Enviro News Asia, Jakarta — Minister of Forestry Raja Juli Antoni officially inaugurated 344 managerial and non-managerial officials within the Ministry of Forestry as part of efforts to strengthen the ministry’s workforce and reinforce a new bureaucratic direction focused on innovation, accountability, and results-oriented performance.
The inauguration ceremony marked a pivotal moment to enhance organizational capabilities ahead of 2026. Of the officials sworn in, 214 hold managerial positions and 130 occupy non-managerial roles, reflecting a broad restructuring across various units.
In his opening remarks, Minister Raja Juli Antoni expressed deep empathy for communities in Aceh, North Sumatra, and West Sumatra affected by recent floods and landslides. He urged the ministry’s ranks to use the disaster as a shared reflection on improving forest management and fulfilling public trust responsibly.
“With this inauguration and oath of office, welcoming the New Year 2026, Insyaallah the Ministry of Forestry will have a more effective working machinery so that we can together carry out the mandate of the nation and the state in the best possible way,” Minister Raja declared.
Addressing recent public scrutiny over the ministry’s role amid the disasters, Raja emphasized that there is no room for defensiveness. Criticism, he said, should be a mirror for improvement.

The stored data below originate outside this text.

Definition quartic s p w : F := 3 * w ^+ 4 - 4 * s * w ^+ 3 + 6 * p * w ^+ 2.

Definition quartic_poly h s p : {poly F} :=
  3%:P * 'X^4 - (12 * h + 4 * s)%:P * 'X^3
  + (18 * h ^+ 2 + 12 * s * h + 6 * p)%:P * 'X^2
  - (12 * (h ^+ 3 + s * h ^+ 2 + p * h))%:P * 'X.

Lemma horner_quartic_poly h s p z :
  (quartic_poly h s p).[z] = quartic s p (z - h) - quartic s p (- h).
Proof.
rewrite /quartic_poly /quartic.
by rewrite !(hornerD, hornerN, hornerM, hornerXn, hornerX, hornerC); ring.
Qed.

Lemma horner_quartic_poly_vertex h s p :
  (quartic_poly h s p).[h] = - quartic s p (- h).
Proof. by rewrite horner_quartic_poly subrr /quartic; ring. Qed.

Lemma deriv_quartic_poly h s p : deriv (quartic_poly h s p) =
  12%:P * (('X - h%:P) * (('X - h%:P) ^+ 2 - s%:P * ('X - h%:P) + p%:P)).
Proof.
rewrite /quartic_poly !(derivD, derivB, derivN, deriv_mulC, derivXn, derivX, derivC).
by ring.
Qed.

End Quartic.

Lemma rmorph_quartic (F G : comNzRingType) (f : {rmorphism F -> G}) (s p w : F) :
  f (quartic s p w) = quartic (f s) (f p) (f w).
Proof.
by rewrite /quartic !(rmorph_nat, rmorphD, rmorphN, rmorphM, rmorphXn, rmorph1); ring.
Qed.

Lemma map_quartic_poly (F G : comNzRingType) (f : {rmorphism F -> G}) (h s p : F) :
  map_poly f (quartic_poly h s p) = quartic_poly (f h) (f s) (f p).
Proof.
apply/polyP => i; rewrite coef_map /quartic_poly.
rewrite !(coefD, coefB, coefN, coefCM, coefXn, coefX) /=.
by case: i => [|[|[|[|[|i]]]]] /=;
  rewrite ?(rmorphD, rmorphN, rmorphM, rmorphXn, rmorph_nat, rmorph0) //; ring.
Qed.

Section NormalizedQuartic.
Context {F : fieldType}.
Implicit Types h s p z : F.

Definition xquartic h s p : {poly F} :=
  - (quartic s p (- h))^-1 *: quartic_poly h s p.

Lemma horner_xquartic h s p z : quartic s p (- h) != 0 ->
  (xquartic h s p).[z] = 1 - quartic s p (z - h) / quartic s p (- h).
Proof. by move=> N0; rewrite hornerZ horner_quartic_poly; field. Qed.

Lemma deriv_xquartic h s p : deriv (xquartic h s p) =
  (- 12 / quartic s p (- h)) *:
    (('X - h%:P) * (('X - h%:P) ^+ 2 - s%:P * ('X - h%:P) + p%:P)).
Proof.
by rewrite derivZ deriv_quartic_poly -!mul_polyC polyCM !polyCN; ring.
Qed.

End NormalizedQuartic.

Lemma map_xquartic (F G : fieldType) (f : {rmorphism F -> G}) (h s p : F) :
  map_poly f (xquartic h s p) = xquartic (f h) (f s) (f p).
Proof.
by rewrite map_polyZ map_quartic_poly rmorphN fmorphV rmorph_quartic rmorphN.
Qed.

Lemma mupZ (F : fieldType) (x c : F) (q : {poly F}) :
  c != 0 -> mup x (c *: q) = mup x q.
Proof. by move=> c0; rewrite -mul_polyC mupMr // rootC. Qed.

Section Multiplicity.
Context {F : numFieldType}.
Implicit Types h s p : F.

Lemma mup_deriv_xquartic h s p : quartic s p (- h) != 0 -> p != 0 ->
  mup h (deriv (xquartic h s p)) = 1%N.
Proof.
move=> N0 p0; rewrite deriv_xquartic mupZ; last by rewrite mulf_neq0 ?invr_eq0.
rewrite mupMl; first by rewrite -[X in mup _ X]expr1 mup_XsubCX eqxx.
by rewrite /root !hornerE subrr expr0n /= mulr0 !subr0 add0r.
Qed.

“This disaster may be a wake-up call for all of us to maximize the management of our forests.”
Central to his message was a call for civil servants within the ministry to break free from traditional patterns of work and embrace creative, innovative thinking. Citing a discussion with President Prabowo Subianto, Minister Raja stressed the importance of abandoning routine practices that yield stagnant results.
Quoting principles often attributed to Albert Einstein, he underscored the folly of expecting different outcomes from repetitive behavior.
“The real madness is doing the same thing over and over again and expecting different results.”
He argued that sustainable forests and preserved biodiversity cannot be achieved with outdated practices lacking innovation and impact. The minister also acknowledged structural challenges within the ministry, including limited human resources for forest protection, budget constraints, and weak coordination across administrative levels and work units.
To meet these challenges, Minister Raja advocated structural change and strengthened mid-level leadership. He reaffirmed plans to establish Regional Coordination Centers / Regional Offices of the Ministry as an essential “middle range of leadership” to bridge central policy and on-the-ground implementation.
“I hope that early next year we will have a new work structure, with new working patterns and approaches that will allow us to achieve fundamental structural change,” he said.
In a moral and spiritual context, Minister Raja reminded officials that public office is a temporary mandate. He emphasized that power is a trust from God that must be upheld with integrity, courage, and a strong work ethic.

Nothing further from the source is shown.